This a genetic algorithm that generates strategies (probability distributions) in Rock, Paper, Scissors.

When executing the file, type the population and number of game turns that you want as arguments.
Ex. ./run.py 100 50 (for 100 population, 50 game turns).

The classes have been designed in such a way that you can run the algorithm on
a game of your choosing, assuming the game can be classified by the following
constraints:

1. Uniform turns, ie. actions are the same on every turn of gameplay.
2. Actions that can be compared for the purpose of outputting a win, loss or a
draw. Your program need not allow for draws.
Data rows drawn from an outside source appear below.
(* Let $r \geq 3$ be a fixed integer and $F$ a graph with chromatic number $\chi(F) \leq r$. Then there is a positive constant $C$, depending on $r$ and $F$, such that \[ \mathrm{ex}_r ( n , F^+) \leq C n^{ r- 1 /x^{r - 1} }, \quad\text{where } x = \binom{r}{2} |V(F)|^2 + |V(F)|. \]
   Context: The $r$-uniform expansion $F^+$ of a graph $F$ is obtained by replacing each edge $e$ of $F$ by $e\cup S_e$, where the $S_e$ are sets of $r-2$ new vertices not in $V(F)$, pairwise disjoint for distinct edges. $\mathrm{ex}_r(n,F^+)$ is the maximum number of edges in an $n$-vertex $r$-uniform hypergraph with no subhypergraph isomorphic to $F^+$. *)

From HB Require Import structures.
From mathcomp Require Import all_boot all_order all_algebra.
From mathcomp Require Import reals exp.
Set Implicit Arguments. Unset Strict Implicit. Unset Printing Implicit Defensive.

Definition simple_graph (T : finType) (adj : rel T) : Prop :=
  symmetric adj /\ irreflexive adj.

Definition gedges (T : finType) (adj : rel T) : {set {set T}} :=
  [set [set x; y] | x in T, y in T & adj x y].

Definition colorable (T : finType) (adj : rel T) (k : nat) : Prop :=
  exists c : T -> 'I_k, forall x y, adj x y -> c x != c y.

Definition uniform (V : finType) (r : nat) (H : {set {set V}}) : bool :=
  [forall e in H, #|e| == r].

Definition contains_copy (V1 V2 : finType) (H1 : {set {set V1}})
    (H2 : {set {set V2}}) : bool :=
  [exists f : {ffun V1 -> V2}, injectiveb f && [forall e in H1, (f @: e) \in H2]].

(* The r-uniform expansion F^+ : vertices of F plus, for every edge e of F,
   r-2 new vertices (e,0),...,(e,r-3); the edge e is replaced by
   e together with its r-2 new vertices. *)
Definition exp_vertex (T : finType) (adj : rel T) (r : nat) : finType :=
  (T + ({e : {set T} | e \in gedges adj} * 'I_(r - 2)))%type.

Definition expansion (T : finType) (adj : rel T) (r : nat)
    : {set {set exp_vertex adj r}} :=
  [set ((@inl T _) @: val e) :|:
       [set (@inr T _ (e, i)) | i : 'I_(r - 2)]
  | e : {e : {set T} | e \in gedges adj}].

Definition ex_exp (T : finType) (adj : rel T) (r n : nat) : nat :=
  \max_(H : {set {set 'I_n}} | uniform r H && ~~ contains_copy (expansion adj r) H)
     #|H|.

From HB Require Import structures.
From mathcomp Require Import all_boot all_order all_algebra.
From mathcomp Require Import reals exp.
From mathcomp Require Import zify ring.
Set Implicit Arguments. Unset Strict Implicit. Unset Printing Implicit Defensive.

(** By Erdos' theorem, an r-uniform hypergraph on n vertices with no complete
   r-partite subhypergraph K(t,...,t) has O(n^(r - 1/t^(r-1))) edges.  The proof is
   by induction on r: count pairs (T, S) of a t-set T and an (r-1)-set S forming an
   edge with every vertex of T; by convexity (power means and C(d,t) >= (d/t)^t)
   many edges force many such pairs, i.e. a large total size of the links of
   t-sets, and a link containing K(t,...,t) of one uniformity less lifts to a
   K(t,...,t) in the hypergraph.
   A proper r-colouring of F extends to the expansion F^+ so that every expansion
   edge is rainbow, hence F^+ embeds into K(t,...,t) as soon as t >= |V(F^+)|,
   and |V(F^+)| <= C(r,2) |V(F)|^2 + |V(F)|. *)

Lemma leq_exp2rW m n e : m <= n -> m ^ e <= n ^ e.
Proof. by case: e => [//|e] le_mn; rewrite leq_exp2r. Qed.

Lemma leq_expnD a b k : (a + b) ^ k <= 2 ^ k * (a ^ k + b ^ k).
Proof.
wlog le_ab : a b / a <= b.
  by move=> W; case: (leqP a b) => [|/ltnW] /W; rewrite // addnC [b ^ k + _]addnC.
apply: (@leq_trans ((2 * b) ^ k)); first by apply: leq_exp2rW; lia.
by rewrite expnMn leq_mul2l leq_addl orbT.
Qed.

Lemma bin_le_exp n k : 'C(n, k) <= n ^ k.
Proof.
apply: (@leq_trans (n ^_ k)); first by rewrite -bin_ffact leq_pmulr ?fact_gt0.
have <- : \prod_(i < k) n = n ^ k by rewrite prod_nat_const card_ord.
by rewrite ffact_prod; apply: leq_prod => i _; apply: leq_subr.
Qed.

Lemma exp_le_bin d t : t <= d -> d ^ t <= t ^ t * 'C(d, t).
Proof.
move=> le_td; rewrite -(leq_pmul2r (fact_gt0 t)) -mulnA bin_ffact -ffactnn.
have prod_const m : \prod_(i < t) m = m ^ t by rewrite prod_nat_const card_ord.
rewrite !ffact_prod -!prod_const -!big_split /=.
by apply: leq_prod => i _; have := ltn_ord i; nia.
Qed.

Lemma exp_le_binS d t : d ^ t <= t ^ t * ('C(d, t) + 1).
Proof.
have [le_td|lt_dt] := leqP t d.
  by apply: leq_trans (exp_le_bin le_td) _; rewrite leq_mul2l leq_addr orbT.
by apply: leq_trans (leq_exp2rW t (ltnW lt_dt)) _; rewrite leq_pmulr ?addn1.
Qed.

Lemma exp_rearrangement x y k : x ^ k * y + y ^ k * x <= x ^ k.+1 + y ^ k.+1.
Proof.
wlog le_xy : x y / x <= y.
  by move=> W; case: (leqP x y) => [|/ltnW] /W; rewrite // addnC [y ^ _ + _]addnC.
have := leq_exp2rW k le_xy; rewrite !expnS; move: (x ^ k) (y ^ k) => X Y; nia.
Qed.

Lemma chebyshev_sum_exp (I : finType) (A : pred I) (a : I -> nat) k :
  (\sum_(i in A) a i ^ k) * (\sum_(i in A) a i) <= #|A| * \sum_(i in A) a i ^ k.+1.
Proof.
rewrite -sum_nat_const big_distrl /=.
under eq_bigr do rewrite big_distrr /=.
rewrite -(leq_pmul2l (isT : 0 < 2)) !mul2n -!addnn.
rewrite [X in X + _ <= _]exchange_big [X in _ <= _ + X]exchange_big /=.
rewrite -!big_split /=; apply: leq_sum => i _; rewrite -!big_split /=.
by apply: leq_sum => j _; rewrite exp_rearrangement.
Qed.

Lemma power_mean_sum (I : finType) (A : pred I) (a : I -> nat) k :
  (\sum_(i in A) a i) ^ k.+1 <= #|A| ^ k * \sum_(i in A) a i ^ k.+1.
Proof.
elim: k => [|k IH]; first by rewrite mul1n; apply: leq_sum => i _; rewrite expn1.
rewrite expnSr (expnSr #|A|) -mulnA.
apply: leq_trans (leq_mul IH (leqnn _)) _; rewrite -mulnA leq_mul2l.
by rewrite chebyshev_sum_exp orbT.
Qed.

Lemma sum_exp_le_card_exp (I : finType) (A : pred I) (a : I -> nat) k B :
  0 < k -> (forall i, i \in A -> a i ^ k <= B) ->
  (\sum_(i in A) a i) ^ k <= #|A| ^ k * B.
Proof.
case: k => [//|k] _ le_aB; apply: leq_trans (power_mean_sum A a k) _.
rewrite expnSr -mulnA leq_mul2l -sum_nat_const leq_sum ?orbT //.
Qed.

Lemma imset_lift0 (V : finType) r (F : 'I_r.+1 -> V) :
  [set F j | j : 'I_r.+1] = F ord0 |: [set F (lift ord0 j) | j : 'I_r].
Proof.
apply/setP => x; rewrite in_setU1; apply/imsetP/idP.
  case=> j _ ->; case: (unliftP ord0 j) => [j'|] ->; last by rewrite eqxx.
  by rewrite imset_f ?orbT.
by case/orP => [/eqP ->|/imsetP [j _ ->]]; [exists ord0 | exists (lift ord0 j)].
Qed.

Section Hypergraph.
Variable V : finType.
Implicit Types (H : {set {set V}}) (S T : {set V}).

(* [f (j, _)] enumerates the j-th part of a copy of K(t,...,t) in H. *)
Definition has_Kpartite H r t :=
  exists f : 'I_r * 'I_t -> V, injective f /\
    forall g : 'I_r -> 'I_t, [set f (j, g j) | j : 'I_r] \in H.

Definition nbhd H S := [set v : V | (v \notin S) && (v |: S \in H)].

Definition link H r T := [set S : {set V} | (#|S| == r) && (T \subset nbhd H S)].

Lemma set0_has_Kpartite H t : set0 \in H -> has_Kpartite H 0 t.
Proof.
have f : 'I_0 * 'I_t -> V by case=> [[]].
exists f; split=> [[[]]|g] //.
suff -> : [set f (j, g j) | j : 'I_0] = set0 by [].
by apply/setP => x; rewrite inE; apply/imsetP => [[[]]].
Qed.

Lemma has_Kpartite_link H r t T :
  #|T| = t -> has_Kpartite (link H r T) r t -> has_Kpartite H r.+1 t.
Proof.
move=> card_T [f [f_inj f_link]].
have nbhd_f g : T \subset nbhd H [set f (j, g j) | j : 'I_r].
  by have := f_link g; rewrite inE => /andP[].
pose e (i : 'I_t) : V := enum_val (cast_ord (esym card_T) i).
have e_inj : injective e by move=> i1 i2 /enum_val_inj /cast_ord_inj.
have f_notin_T j i : f (j, i) \notin T.
  apply/negP => /(subsetP (nbhd_f (fun=> i))); rewrite inE => /andP[/negP[]].
  exact: imset_f.
(* T becomes the new part, at index [ord0]. *)
pose f' (p : 'I_r.+1 * 'I_t) := if unlift ord0 p.1 is Some j then f (j, p.2) else e p.2.
exists f'; split=> [[j1 i1] [j2 i2]|g].
  rewrite /f' /=; case: (unliftP ord0 j1) => [j1'|] ->; case: (unliftP ord0 j2) => [j2'|] -> //.
  - by move/f_inj => [-> ->].
  - by move=> eq_fe; move: (f_notin_T j1' i1); rewrite eq_fe enum_valP.
  - by move=> eq_ef; move: (f_notin_T j2' i2); rewrite -eq_ef enum_valP.
  - by move/e_inj ->.
rewrite (imset_lift0 (fun j => f' (j, g j))) /f' /= unlift_none.
under eq_imset do rewrite liftK.
have /subsetP := nbhd_f (fun j => g (lift ord0 j)).
by move/(_ (e (g ord0)) (enum_valP _)); rewrite inE => /andP[].
Qed.
Lemma branch_rtree : is_rtree broot bparent.
Proof.
apply/rtreeP; split; first by apply: val_inj; rewrite branch_parent_val /= eqxx.
move=> u; have /fconnect_iterP[n] := etrans (esym (anc_fconnect _ _ _)) (valP u).
elim: n u => [|n IH] u /= e; first by rewrite (_ : u = broot) //; apply: val_inj.
have [uv|ne_uv] := eqVneq (val u) v; first by rewrite (_ : u = broot) //; apply: val_inj.
apply: connect_trans (fconnect1 _ _) (IH _ _).
by rewrite branch_parent_val (negbTE ne_uv) -iterSr.
Qed.

Definition compl_type := {u : T | ~~ anc p v u}.

Definition compl_parent (o : compl_type) : compl_type :=
  exist _ (p (val o)) (anc_parent_out (valP o)).

Lemma iter_compl_parent n o : val (iter n compl_parent o) = iter n p (val o).
Proof. by elim: n => //= n ->. Qed.

Section RootBranch.
Hypotheses (p_root : p v = v) (to_root : forall x, fconnect p x v).

Lemma in_root_branch u : anc p v u.
Proof. by rewrite anc_fconnect. Qed.

Lemma insubd_branchK : cancel (insubd broot) val.
Proof. by move=> u; rewrite insubdK //; apply: in_root_branch. Qed.

Lemma card_root_branch : #|branch| = #|T|.
Proof. exact: bij_eq_card (Bijective (valKd broot) insubd_branchK). Qed.

Lemma n_inf_closed_root_branch : n_inf_closed bparent = n_inf_closed p.
Proof.
apply/esym/(n_inf_closed_iso (valKd broot) insubd_branchK) => u.
by rewrite branch_parent_val; case: eqP => // ->.
Qed.

End RootBranch.

Section ProperBranch.
Variable r : T.
Hypotheses (p_root : p r = r) (to_root : forall x, fconnect p x r) (ne_vr : v != r).

(* Outside a proper branch lie the root and the parent of [v]; the latter
   because a vertex on a cycle of [p] can only be the root. *)
Lemma root_outside : ~~ anc p v r.
Proof.
rewrite anc_fconnect; apply/fconnect_iterP => -[n].
by rewrite iter_fixed // => e; move: ne_vr; rewrite e eqxx.
Qed.

Lemma parent_outside : ~~ anc p v (p v).
Proof.
apply/negP; rewrite anc_fconnect => /fconnect_iterP[n e].
have period : iter n.+1 p v = v by rewrite iterSr.
have periodic m : iter (m * n.+1) p v = v.
  by elim: m => // m IH; rewrite mulSn iterD IH period.
have := periodic (findex p v r).
rewrite mulnS addnC iterD iter_findex // iter_fixed // => e_rv.
by move: ne_vr; rewrite e_rv eqxx.
Qed.

Definition compl_root : compl_type := exist _ r root_outside.
Definition attach : compl_type := exist _ (p v) parent_outside.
If you are using this project as a framework, you must create a number of
functions within your game class (eg. rock_paper_scissors.py). There is a
template file in place to demonstrate which functions are necessary. These
functions perform simple tasks such as returning which player wins given two
inputs, generation the initial population, killing weak organisms and replacing
them with newly bred organisms, etc.

You should also create a SubOrganism class (eg. rps_organism.py) that extends
organism.py. This includes any specific rules for your organisms. It is here
that a tuple containing the possible actions for a player should be
initialized. This file can be nearly identical. Note, however, that in its
current incarnation, organism.rps is used instead of a more general attribute
name such as organism.distribution or organism.dist. You should set this
attribute to match your game class, though this attribute name may be
susceptible to change in the future.